[DATA SUPPLIED — start]

(* Let $R$ be a left coherent ring. For each left ideal $I\subseteq R$ choose a short exact sequence of left $R$-modules $0\to R/I\to A_I\to C_I\to 0$ with $A_I$ FP-injective and $C_I$ FP-projective. Then an FP-injective left $R$-module $A$ is injective if and only if $\mathrm{Ext}^1_R(A_I,A)=0$ for all left ideals $I\subseteq R$. In other words, in the exact category of FP-injective modules (with the exact structure inherited from $R$-Mod), the cotorsion pair (FP-injective modules, injective modules) is cogenerated by the set $\{A_I\}_{I\subseteq R}$.
   Context: A left $R$-module $M$ is FP-injective if $\mathrm{Ext}^1_R(F,M)=0$ for every finitely presented left $R$-module $F$. A module $C$ is FP-projective if $\mathrm{Ext}^1_R(C,N)=0$ for every FP-injective module $N$. A ring is left coherent if every finitely generated left ideal is finitely presented. *)

(* Left R-modules are MathComp's [lmodType R]
   (left scalar action [*:]) over an arbitrary (possibly non-commutative)
   ring [R : pzRingType]. *)
From HB Require Import structures.
From mathcomp Require Import all_boot all_order all_algebra.
Set Implicit Arguments. Unset Strict Implicit. Unset Printing Implicit Defensive.
Import GRing.Theory.
Local Open Scope ring_scope.

Section Modules.
Variable R : pzRingType.

Definition is_hom (M N : lmodType R) (f : M -> N) : Prop :=
  forall (a : R) (x y : M), f (a *: x + y) = a *: f x + f y.

Definition short_exact (M E C : lmodType R) (f : M -> E) (g : E -> C) : Prop :=
  [/\ is_hom f, is_hom g, injective f, (forall c, exists e, g e = c)
    & (forall e, g e = 0 <-> exists m, e = f m)].

(* Ext^1_R(C, M) = 0, via Yoneda: every extension of C by M splits. *)
Definition Ext1_zero (C M : lmodType R) : Prop :=
  forall (E : lmodType R) (f : M -> E) (g : E -> C), short_exact f g ->
    exists s : C -> E, is_hom s /\ forall c, g (s c) = c.

Definition fin_presented_sub (V : lmodType R) (P : V -> Prop) : Prop :=
  exists (n : nat) (x : 'I_n -> V),
    (forall v, P v <-> exists r : 'I_n -> R, v = \sum_(i < n) r i *: x i) /\
    exists (k : nat) (rel : 'I_k -> 'I_n -> R),
      (forall j, \sum_(i < n) rel j i *: x i = 0) /\
      (forall r : 'I_n -> R, \sum_(i < n) r i *: x i = 0 ->
         exists s : 'I_k -> R, forall i, r i = \sum_(j < k) s j * rel j i).

Definition finitely_presented (F : lmodType R) : Prop :=
  fin_presented_sub (fun _ : F => True).

Definition FP_injective (M : lmodType R) : Prop :=
  forall F : lmodType R, finitely_presented F -> Ext1_zero F M.

Definition FP_projective (C : lmodType R) : Prop :=
  forall N : lmodType R, FP_injective N -> Ext1_zero C N.

Definition injective_module (A : lmodType R) : Prop :=
  forall (X Y : lmodType R) (i : X -> Y) (f : X -> A),
    is_hom i -> injective i -> is_hom f ->
    exists h : Y -> A, is_hom h /\ forall x, h (i x) = f x.

Definition left_ideal (I : R -> Prop) : Prop :=
  [/\ I 0, (forall x y, I x -> I y -> I (x + y)) & (forall r x, I x -> I (r * x))].

Definition fin_gen_left_ideal (I : R -> Prop) : Prop :=
  exists (n : nat) (a : 'I_n -> R),
    forall v, I v <-> exists r : 'I_n -> R, v = \sum_(i < n) r i * a i.

Definition left_coherent : Prop :=
  forall I : R -> Prop, left_ideal I -> fin_gen_left_ideal I ->
    @fin_presented_sub R^o I.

[DATA SUPPLIED — finish]

THE PROBLEM. The full set of entries must be printed again without any alteration.

TASK SOLUTION.
(* Let $R$ be a left coherent ring. For each left ideal $I\subseteq R$ choose a short exact sequence of left $R$-modules $0\to R/I\to A_I\to C_I\to 0$ with $A_I$ FP-injective and $C_I$ FP-projective. Then an FP-injective left $R$-module $A$ is injective if and only if $\mathrm{Ext}^1_R(A_I,A)=0$ for all left ideals $I\subseteq R$. In other words, in the exact category of FP-injective modules (with the exact structure inherited from $R$-Mod), the cotorsion pair (FP-injective modules, injective modules) is cogenerated by the set $\{A_I\}_{I\subseteq R}$.
   Context: A left $R$-module $M$ is FP-injective if $\mathrm{Ext}^1_R(F,M)=0$ for every finitely presented left $R$-module $F$. A module $C$ is FP-projective if $\mathrm{Ext}^1_R(C,N)=0$ for every FP-injective module $N$. A ring is left coherent if every finitely generated left ideal is finitely presented. *)

(* Left R-modules are MathComp's [lmodType R]
   (left scalar action [*:]) over an arbitrary (possibly non-commutative)
   ring [R : pzRingType]. *)
From HB Require Import structures.
From mathcomp Require Import all_boot all_order all_algebra.
Set Implicit Arguments. Unset Strict Implicit. Unset Printing Implicit Defensive.
Import GRing.Theory.
Local Open Scope ring_scope.

Section Modules.
Variable R : pzRingType.

Definition is_hom (M N : lmodType R) (f : M -> N) : Prop :=
  forall (a : R) (x y : M), f (a *: x + y) = a *: f x + f y.

Definition short_exact (M E C : lmodType R) (f : M -> E) (g : E -> C) : Prop :=
  [/\ is_hom f, is_hom g, injective f, (forall c, exists e, g e = c)
    & (forall e, g e = 0 <-> exists m, e = f m)].

(* Ext^1_R(C, M) = 0, via Yoneda: every extension of C by M splits. *)
Definition Ext1_zero (C M : lmodType R) : Prop :=
  forall (E : lmodType R) (f : M -> E) (g : E -> C), short_exact f g ->
    exists s : C -> E, is_hom s /\ forall c, g (s c) = c.

Definition fin_presented_sub (V : lmodType R) (P : V -> Prop) : Prop :=
  exists (n : nat) (x : 'I_n -> V),
    (forall v, P v <-> exists r : 'I_n -> R, v = \sum_(i < n) r i *: x i) /\
    exists (k : nat) (rel : 'I_k -> 'I_n -> R),
      (forall j, \sum_(i < n) rel j i *: x i = 0) /\
      (forall r : 'I_n -> R, \sum_(i < n) r i *: x i = 0 ->
         exists s : 'I_k -> R, forall i, r i = \sum_(j < k) s j * rel j i).

Definition finitely_presented (F : lmodType R) : Prop :=
  fin_presented_sub (fun _ : F => True).

Definition FP_injective (M : lmodType R) : Prop :=
  forall F : lmodType R, finitely_presented F -> Ext1_zero F M.

Definition FP_projective (C : lmodType R) : Prop :=
  forall N : lmodType R, FP_injective N -> Ext1_zero C N.

Definition injective_module (A : lmodType R) : Prop :=
  forall (X Y : lmodType R) (i : X -> Y) (f : X -> A),
    is_hom i -> injective i -> is_hom f ->
    exists h : Y -> A, is_hom h /\ forall x, h (i x) = f x.

Definition left_ideal (I : R -> Prop) : Prop :=
  [/\ I 0, (forall x y, I x -> I y -> I (x + y)) & (forall r x, I x -> I (r * x))].

Definition fin_gen_left_ideal (I : R -> Prop) : Prop :=
  exists (n : nat) (a : 'I_n -> R),
    forall v, I v <-> exists r : 'I_n -> R, v = \sum_(i < n) r i * a i.

Definition left_coherent : Prop :=
  forall I : R -> Prop, left_ideal I -> fin_gen_left_ideal I ->
    @fin_presented_sub R^o I.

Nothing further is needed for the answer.